BioNTech, Mainz, Germany.
South African Medical Research Council Vaccines and Infectious Diseases Analytics Research Unit, Faculty of Health Sciences, University of the Witwatersrand, Johannesburg, South Africa.
Front Immunol. 2023 May 23;14:1130539. doi: 10.3389/fimmu.2023.1130539. eCollection 2023.

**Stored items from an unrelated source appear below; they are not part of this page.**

(* Let $(V,Y_1,\mathbf 1,T_1)$ be a vertex algebra (in dimension 1) equipped with an action of $\mathfrak c_D$ such that the generator $T_1\in\mathfrak c_D$ acts as the translation operator of $V$. If the action of $\mathfrak c_D$ is local and $\mathfrak c_D\mathbf 1=0$, then for all $a\in V$ and $2\le\alpha,\beta\le D$: $$[T_\alpha,Y_1(a,x)]=Y_1(T_\alpha a,x),\qquad [H,Y_1(a,x)]=Y_1(Ha,x)+x\partial_xY_1(a,x),$$ $$[\Omega_{\alpha\beta},Y_1(a,x)]=Y_1(\Omega_{\alpha\beta}a,x),\qquad [\Omega_{1\alpha},Y_1(a,x)]=Y_1(\Omega_{1\alpha}a,x)+xY_1(T_\alpha a,x),$$ $$[C_\alpha,Y_1(a,x)]=Y_1(C_\alpha a,x)+2xY_1(\Omega_{1\alpha}a,x)+x^2Y_1(T_\alpha a,x),$$ $$[C_1,Y_1(a,x)]=Y_1(C_1a,x)-2xY_1(Ha,x)-x^2\partial_xY_1(a,x).$$ Conversely, if these commutation relations hold for all $a\in V$, then the action of $\mathfrak c_D$ is local and annihilates the vacuum.
   Context: A vertex algebra (in dimension 1) is a complex superspace $V$ with even vacuum $\mathbf 1$, even map $a\otimes b\mapsto Y_1(a,x)b\in V(\!(x)\!)$, and even $T_1$ with $T_1\mathbf 1=0$, $Y_1(\mathbf 1,x)=\mathrm{id}$, $Y_1(a,x)\mathbf 1\in V[\![x]\!]$ with value $a$ at $x=0$, $[T_1,Y_1(a,x)]=\partial_xY_1(a,x)$, and locality: $(x-y)^{N}[Y_1(a,x),Y_1(b,y)]=0$ for some $N=N_{a,b}$ (supercommutator). An operator $X\in\operatorname{End}V$ is local if for all $a,b$ there is $N$ with $(x-y)^N[[X,Y_1(a,x)],Y_1(b,y)]=0$; the action of $\mathfrak c_D$ is local if every element acts as a local operator. $\mathfrak c_D$ is the Lie algebra spanned by $T_\alpha$, $H$, $\Omega_{\alpha\beta}=-\Omega_{\beta\alpha}$, $C_\alpha$ ($1\le\alpha,\beta\le D$) with relations: $[H,\Omega_{\alpha\beta}]=[T_\alpha,T_\beta]=[C_\alpha,C_\beta]=0$; $[\Omega_{\alpha\beta},T_\gamma]=\delta_{\alpha\gamma}T_\beta-\delta_{\beta\gamma}T_\alpha$; $[\Omega_{\alpha\beta},C_\gamma]=\delta_{\alpha\gamma}C_\beta-\delta_{\beta\gamma}C_\alpha$; $[H,T_\alpha]=T_\alpha$; $[H,C_\alpha]=-C_\alpha$; $[T_\alpha,C_\beta]=2\delta_{\alpha\beta}H-2\Omega_{\alpha\beta}$; $[\Omega_{\alpha_1\beta_1},\Omega_{\alpha_2\beta_2}]=\delta_{\alpha_1\alpha_2}\Omega_{\beta_1\beta_2}+\delta_{\beta_1\beta_2}\Omega_{\alpha_1\alpha_2}-\delta_{\alpha_1\beta_2}\Omega_{\beta_1\alpha_2}-\delta_{\beta_1\alpha_2}\Omega_{\alpha_1\beta_2}$. It acts on $V$ by even operators. *)

From mathcomp Require Import all_boot all_order all_algebra.
From mathcomp Require Import reals complex.
Set Implicit Arguments. Unset Strict Implicit. Unset Printing Implicit Defensive.
Import Order.TTheory GRing.Theory Num.Theory.
Local Open Scope ring_scope.

Section Defs.
Variable (R : realType).
Local Notation C := R[i].
Variable (V : lmodType C).

Definition linop (f : V -> V) : Prop :=
  forall (c : C) (u v : V), f (c *: u + v) = c *: f u + f v.

Definition subspace (S : V -> Prop) : Prop :=
  S 0 /\ forall (c : C) (u v : V), S u -> S v -> S (c *: u + v).

Definition superspace (ev od : V -> Prop) : Prop :=
  [/\ subspace ev, subspace od,
      (forall v, exists v0 v1, [/\ ev v0, od v1 & v = v0 + v1]) &
      (forall v, ev v -> od v -> v = 0)].

Definition homog (ev od : V -> Prop) (p : bool) (v : V) : Prop :=
  if p then od v else ev v.

Definition even_op (ev od : V -> Prop) (f : V -> V) : Prop :=
  forall p v, homog ev od p v -> homog ev od p (f v).

(* ---------- formal series ----------
   A field Y : V -> int -> V -> V encodes Y_1(a,x)b = sum_n (Y a n b) x^n. *)

Definition opcomm (X F : V -> V) (v : V) : V := X (F v) - F (X v).

(* coefficient of x^m y^k in the supercommutator [A(x), B(y)] applied to v,
   where A(x) = sum_m A m x^m, B(y) = sum_k B k y^k and s = (-1)^{p(A)p(B)} *)
Definition scomm_coef (s : C) (A B : int -> V -> V) (m k : int) (v : V) : V :=
  A m (B k v) - s *: B k (A m v).

(* coefficient of x^m y^k in (x - y)^N F(x,y), F = sum F m k x^m y^k *)
Definition mulxyN (N : nat) (F : int -> int -> V) (m k : int) : V :=
  \sum_(j < N.+1) (((-1) ^+ j * ('C(N, j))%:R) *:
                    F (m - (N - j)%:Z) (k - (j : nat)%:Z)).

Definition psign (p q : bool) : C := (-1) ^+ (p && q).

Definition vertex_algebra (ev od : V -> Prop) (vac : V)
  (Y : V -> int -> V -> V) (T1 : V -> V) : Prop :=
  superspace ev od /\ ev vac /\
      (forall n (c : C) a a' b, Y (c *: a + a') n b = c *: Y a n b + Y a' n b) /\
      (forall a n, linop (Y a n)) /\
      (forall p q a b n, homog ev od p a -> homog ev od q b ->
                         homog ev od (p (+) q) (Y a n b)) /\
      (* Y(a,x)b in V((x)) *)
      (forall a b, exists N : int, forall n, n < N -> Y a n b = 0) /\
      (linop T1 /\ even_op ev od T1 /\ T1 vac = 0) /\
      (forall n b, Y vac n b = if n == 0 then b else 0) /\
      (* Y(a,x)1 in V[[x]] with value a at x = 0 *)
      (forall a n, n < 0 -> Y a n vac = 0) /\
      (forall a, Y a 0 vac = a) /\
      (* [T1, Y(a,x)] = d/dx Y(a,x) *)
      (forall a n b, opcomm T1 (Y a n) b = Y a (n + 1) b *~ (n + 1)) /\
      (forall p q a b, homog ev od p a -> homog ev od q b ->
         exists N : nat, forall m k v,
           mulxyN N (fun m k => scomm_coef (psign p q) (Y a) (Y b) m k v) m k
           = 0).

Definition local_op (ev od : V -> Prop) (Y : V -> int -> V -> V) (X : V -> V)
  : Prop :=
  forall p q a b, homog ev od p a -> homog ev od q b ->
    exists N : nat, forall m k v,
      mulxyN N (fun m k => scomm_coef (psign p q)
                   (fun m => opcomm X (Y a m)) (Y b) m k v) m k = 0.

(* ---------- the Lie algebra c_D acting on V ----------
   The action is given by the images of the spanning elements
   T_al, H, Om_{al be}, C_al (1 <= al, be <= D), which must be even linear
   operators satisfying the defining relations of c_D. *)
Definition inD (D al : nat) : bool := (1 <= al <= D)%N.

Definition cD_action (ev od : V -> Prop) (D : nat)
  (Tg : nat -> V -> V) (H : V -> V) (Om : nat -> nat -> V -> V)
  (Cg : nat -> V -> V) : Prop :=
      (forall al, inD D al -> linop (Tg al) /\ even_op ev od (Tg al)) /\
      (linop H /\ even_op ev od H) /\
      (forall al be, inD D al -> inD D be -> linop (Om al be) /\ even_op ev od (Om al be)) /\
      (forall al, inD D al -> linop (Cg al) /\ even_op ev od (Cg al)) /\
      (forall al be v, inD D al -> inD D be -> Om al be v = - Om be al v) /\
      (forall al be v, inD D al -> inD D be ->
         [/\ opcomm H (Om al be) v = 0, opcomm (Tg al) (Tg be) v = 0 &
             opcomm (Cg al) (Cg be) v = 0]) /\
      (forall al be ga v, inD D al -> inD D be -> inD D ga ->
         opcomm (Om al be) (Tg ga) v =
           (if al == ga then Tg be v else 0) - (if be == ga then Tg al v else 0)
         /\
         opcomm (Om al be) (Cg ga) v =
           (if al == ga then Cg be v else 0) - (if be == ga then Cg al v else 0)) /\
      (forall al be v, inD D al -> inD D be ->
         [/\ opcomm H (Tg al) v = Tg al v, opcomm H (Cg al) v = - Cg al v &
             opcomm (Tg al) (Cg be) v =
               2%:R *: ((if al == be then H v else 0) - Om al be v)]) /\
      (forall a1 b1 a2 b2 v, inD D a1 -> inD D b1 -> inD D a2 -> inD D b2 ->
         opcomm (Om a1 b1) (Om a2 b2) v =
           (if a1 == a2 then Om b1 b2 v else 0)
         + (if b1 == b2 then Om a1 a2 v else 0)
         - (if a1 == b2 then Om b1 a2 v else 0)
         - (if b1 == a2 then Om a1 b2 v else 0)).

(* the operator by which a general element
   sum_al t_al T_al + h H + sum_{al,be} o_{al be} Om_{al be} + sum_al c_al C_al
   of c_D acts *)
Definition cD_elt (D : nat)
  (Tg : nat -> V -> V) (H : V -> V) (Om : nat -> nat -> V -> V)
  (Cg : nat -> V -> V)
  (t : nat -> C) (h : C) (o : nat -> nat -> C) (c : nat -> C) (v : V) : V :=
  \sum_(1 <= al < D.+1) t al *: Tg al v + h *: H v
  + \sum_(1 <= al < D.+1) \sum_(1 <= be < D.+1) o al be *: Om al be v
  + \sum_(1 <= al < D.+1) c al *: Cg al v.

Definition cD_local (ev od : V -> Prop) (Y : V -> int -> V -> V) (D : nat)
  Tg H Om Cg : Prop :=
  forall t h o c, local_op ev od Y (cD_elt D Tg H Om Cg t h o c).

Definition cD_kills_vac (vac : V) (D : nat) Tg H Om Cg : Prop :=
  forall t h o c, cD_elt D Tg H Om Cg t h o c vac = 0.

(* the commutation relations of the theorem, coefficientwise:
   coefficient of x^n of both sides applied to b *)
Definition cD_comm_relations (Y : V -> int -> V -> V) (D : nat)
  (Tg : nat -> V -> V) (H : V -> V) (Om : nat -> nat -> V -> V)
  (Cg : nat -> V -> V) : Prop :=
  forall (a b : V) (n : int),
  [/\
      opcomm H (Y a n) b = Y (H a) n b + Y a n b *~ n,
      opcomm (Cg 1%N) (Y a n) b =
        Y (Cg 1%N a) n b - Y (H a) (n - 1) b *+ 2 - Y a (n - 1) b *~ (n - 1) &
      forall al be : nat, (2 <= al <= D)%N -> (2 <= be <= D)%N ->
      [/\
          opcomm (Tg al) (Y a n) b = Y (Tg al a) n b,
          opcomm (Om al be) (Y a n) b = Y (Om al be a) n b,
          opcomm (Om 1%N al) (Y a n) b = Y (Om 1%N al a) n b + Y (Tg al a) (n - 1) b &
          opcomm (Cg al) (Y a n) b =
            Y (Cg al a) n b + Y (Om 1%N al a) (n - 1) b *+ 2 + Y (Tg al a) (n - 2) b]].

End Defs.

The highly transmissible Omicron (B.1.1.529) variant of severe acute respiratory syndrome coronavirus 2 (SARS-CoV-2) was first detected in late 2021. Initial Omicron waves were primarily made up of sub-lineages BA.1 and/or BA.2, BA.4, and BA.5 subsequently became dominant in mid-2022, and several descendants of these sub-lineages have since emerged. Omicron infections have generally caused less severe disease on average than those caused by earlier variants of concern in healthy adult populations, at least, in part, due to increased population immunity. Nevertheless, healthcare systems in many countries, particularly those with low population immunity, have been overwhelmed by unprecedented surges in disease prevalence during Omicron waves. Pediatric admissions were also higher during Omicron waves compared with waves of previous variants of concern. All Omicron sub-lineages exhibit partial escape from wild-type (Wuhan-Hu 1) spike-based vaccine-elicited neutralizing antibodies, with sub-lineages with more enhanced immuno-evasive properties emerging over time. Evaluating vaccine effectiveness (VE) against Omicron sub-lineages has become challenging against a complex background of varying vaccine coverage, vaccine platforms, prior infection rates, and hybrid immunity. Original messenger RNA vaccine booster doses substantially improved VE against BA.1 or BA.2 symptomatic disease. However, protection against symptomatic disease waned, with reductions detected from 2 months after booster administration. While original vaccine-elicited CD8 and CD4 T-cell responses cross-recognize Omicron sub-lineages, thereby retaining protection against severe outcomes, variant-adapted vaccines are required to expand the breadth of B-cell responses and improve durability of protection. Variant-adapted vaccines were rolled out in late 2022 to increase overall protection against symptomatic and severe infections caused by Omicron sub-lineages and antigenically aligned variants with enhanced immune escape mechanisms.
高度传染性的严重急性呼吸综合征冠状病毒 2 (SARS-CoV-2) 的奥密克戎 (B.1.1.529) 变体于 2021 年底首次被发现。最初的奥密克戎浪潮主要由亚系 BA.1 和/或 BA.2、BA.4 和 BA.5 组成,随后在 2022 年年中成为主导,此后这些亚系的几个后代已经出现。与之前令人关注的变异株相比,奥密克戎感染在健康成年人群中平均导致的疾病严重程度较低,至少部分原因是人群免疫力增强。然而,许多国家的医疗保健系统,特别是那些人群免疫力较低的国家,在奥密克戎浪潮期间,疾病流行率的空前飙升使医疗系统不堪重负。在奥密克戎浪潮期间,儿科住院人数也高于之前令人关注的变异株浪潮。所有奥密克戎亚系都表现出对野生型(武汉-Hu1)刺突蛋白为基础的疫苗诱导中和抗体的部分逃逸,随着时间的推移,免疫逃避特性增强的亚系不断出现。在不断变化的疫苗接种率、疫苗平台、既往感染率和混合免疫的复杂背景下,评估针对奥密克戎亚系的疫苗有效性 (VE) 变得具有挑战性。原始信使 RNA 疫苗加强剂量大大提高了针对 BA.1 或 BA.2 有症状疾病的 VE。然而,对有症状疾病的保护作用减弱,在加强接种后 2 个月检测到保护作用下降。虽然原始疫苗诱导的 CD8 和 CD4 T 细胞反应交叉识别奥密克戎亚系,从而保持对严重结果的保护作用,但需要变体适应性疫苗来扩大 B 细胞反应的广度并提高保护作用的持久性。变体适应性疫苗于 2022 年底推出,以提高针对奥密克戎亚系和具有增强免疫逃逸机制的抗原性对齐变体引起的有症状和严重感染的总体保护作用。